We next tested spatial learning and memory using the Morris water maze (MWM). Pre-training in a straight swim channel revealed no impact of genotype on swim speed (data not shown), suggesting that the differences in open field behavior did not affect performance in the water. We conducted a modified version of the MWM in which animals are trained on successive days until they reach pre-set performance criteria that are evaluated during probe trials immediately after training. This approach revealed that entorhinal expression of transgenic Aβ significantly delayed acquisition of the task (two-way ANOVA, F(1,92) = 37.72, p < 0.0001 for Aβ; F(1,92) = 0.05771, p = 0.8107 for interaction; Fig 2B). Aβ+/htau- mice required the greatest number of days to reach criterion performance, with Aβ+/htau+ mice coming in a close second. Unexpectedly, the presence of human tau significantly improved acquisition of this task (two-way ANOVA, F(1,92) = 5.973, p < 0.0001 for htau), although this effect was not robust enough to yield significant post-hoc comparisons.
Following completion of MWM, mice underwent testing in the radial arm water maze (RAWM). This task examines working memory during acquisition of a modified water maze based on navigation of a 6-arm swimming arena. Re-entry into an arm that has already been explored during that trial is counted as an error, and scores are assessed from total errors made during trials 2–8. Aβ+/htau+ mice performed significantly worse than both non-amyloidogenic groups, (Fig 2C). This impairment was not seen in Aβ+/htau- mice, suggesting that the working memory deficit seen in mice with both Aβ and htau is due to an interaction between them. This interaction is suggested, but not substantiated, by the near-significant statistical interaction between these factors: two-way ANOVA, F(1,88) = 8.251, p = 0.0051 for Aβ; F(1,88) = 0.8809, p = 0.3505 for htau; F(1,88) = 3.056, p = 0.0839 for interaction.

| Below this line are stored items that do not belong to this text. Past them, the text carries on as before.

Lemma mul_DM_momentum (r : 'cV[R]_(p * n)) :
  (forall t, \sum_s r (mxvec_index t s) 0 = 0) -> D_M R n p kappa *m momentum r = r.
Proof.
move=> r_sum0; apply/matrixP => k y; rewrite ord1; case/mxvec_indexP: k => t s.
rewrite mul_kron_mxE -[RHS](DMblock_prefix_sum s n_gt1 kappa_le1 (r_sum0 t)).
rewrite -[RHS](sum_eq_mul t (fun t' => \sum_(j < n - kappa) DMblock R n kappa s j *
  (prefix_sum (fun s => r (mxvec_index t' s) 0) (j + kappa) / n%:R))).
apply: eq_bigr => t' _; rewrite mulr_sumr; apply: eq_bigr => j _.
by rewrite /momentum !mxE unpair_mxvec_index /= -mulrA.
Qed.

End Momentum.
End ContinuityEquation.
Arguments momentum {R} n p kappa r.

Section TimeOperators.
Variables (R : realType) (n p : nat).

Definition has_next (t : nat) : R := (t < p.-1)%N%:R.
Definition has_prev (t : nat) : R := ((0 < t)%N && (t.-1 < p.-1)%N)%:R.

Lemma mul_DF_const (c : R) (t : 'I_p) (s : 'I_n) :
  (D_F R n p *m (const_mx c : 'cV_(p.-1 * n))) (mxvec_index t s) 0 =
  p%:R * c * (has_next t - has_prev t).
Proof.
rewrite mul_kron_mxE (eq_bigr (fun t' : 'I_p.-1 =>
  (t == t' :> nat)%:R * (p%:R * c) - (t == t'.+1 :> nat)%:R * (p%:R * c))) => [|t' _].
  rewrite sumrB (sum_nat_eq_mul _ _ (fun=> p%:R * c)).
  by rewrite (sum_nat_eqS_mul _ _ (fun=> p%:R * c)); ring.
rewrite (eq_bigr (fun s' => (s == s')%:R * ((- (D_p R p)^T) t t' * c))) => [|s' _].
  by rewrite sum_eq_mul !mxE /D_e; ring.
by rewrite !mxE; ring.
Qed.

Lemma mul_SF_const (c : R) (t : 'I_p) (s : 'I_n) :
  (S_F R n p *m (const_mx c : 'cV_(p.-1 * n))) (mxvec_index t s) 0 =
  c / 2 * (has_next t + has_prev t).
Proof.
rewrite mul_kron_mxE (eq_bigr (fun t' : 'I_p.-1 =>
  (t == t' :> nat)%:R * (c / 2) + (t == t'.+1 :> nat)%:R * (c / 2))) => [|t' _].
  rewrite big_split /= (sum_nat_eq_mul _ _ (fun=> c / 2)).
  by rewrite (sum_nat_eqS_mul _ _ (fun=> c / 2)); field.
rewrite (eq_bigr (fun s' => (s == s')%:R * (((S_p R p)^T) t t' * c))) => [|s' _].
  by rewrite sum_eq_mul !mxE /S_e; field.
by rewrite !mxE; ring.
Qed.

Hypothesis p_gt1 : (1 < p)%N.

Lemma has_next_sub_prev (t : 'I_p) :
  has_next t - has_prev t = (t == 0 :> nat)%:R - (t == p.-1 :> nat)%:R.
Proof.
have t_lt := ltn_ord t; rewrite /has_next /has_prev.
have [-> /=|t_gt0] := posnP t.
  have p1_gt0 : (0 < p.-1)%N by lia.
  by rewrite p1_gt0 eq_sym (negbTE (lt0n_neq0 p1_gt0)).
have -> : (t.-1 < p.-1)%N by lia.
case: (ltnP t p.-1) => [t_lt1|t_ge1] /=.
  by rewrite ltn_eqF // subrr subr0.
have -> : t = p.-1 :> nat by lia.
by rewrite eqxx.
Qed.

Lemma has_next_add_prev_ge1 (t : 'I_p) : 1 <= has_next t + has_prev t.
Proof.
rewrite /has_next /has_prev; case: (ltnP t p.-1) => [_|t_ge1].
  by rewrite lerDl ler0n.
have -> : ((0 < t)%N && (t.-1 < p.-1)%N) by apply/andP; have := ltn_ord t; lia.
by rewrite add0r.
Qed.

End TimeOperators.

Section BoundaryData.
Variables (R : realType) (n p : nat) (f0 f1 : 'I_n -> R).

Lemma fb_plusE t s : fb_plus R n p f0 f1 (mxvec_index t s) 0 =
  if t == 0 :> nat then f0 s / 2 else if t == p.-1 :> nat then f1 s / 2 else 0.
Proof. by rewrite !mxE mxvecE mxE. Qed.

Lemma fb_minusE t s : fb_minus R n p f0 f1 (mxvec_index t s) 0 =
  if t == 0 :> nat then p%:R * f0 s else if t == p.-1 :> nat then p%:R * - f1 s else 0.
Proof. by rewrite !mxE mxvecE mxE. Qed.

Hypotheses (f0_ge0 : forall i, 0 <= f0 i) (f1_ge0 : forall i, 0 <= f1 i).

Lemma fb_plus_ge0 k : 0 <= fb_plus R n p f0 f1 k 0.
Proof.
case/mxvec_indexP: k => t s; rewrite fb_plusE.
by case: ifP => _; [|case: ifP => _]; rewrite ?divr_ge0.
Qed.

End BoundaryData.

Animals were given several days to recover before being tested in contextual fear conditioning (CFC) to examine associative memory. All groups showed the same level of baseline freezing prior to receiving the first shock on training day (data not shown). Unexpectedly, all groups also showed the same level of conditioned fear during the context test (Fig 2D). This was especially surprising because CFC is known to be hippocampal-dependent, and we expected that amyloid pathology in the entorhinal region might influence acquisition or consolidation of contextual information.
In summary, our first round of behavioral tests revealed that the regionalized overexpression of mutant APP and the generalized expression of wild-type human tau had significant but independent effects on locomotion, spatial learning, and working memory.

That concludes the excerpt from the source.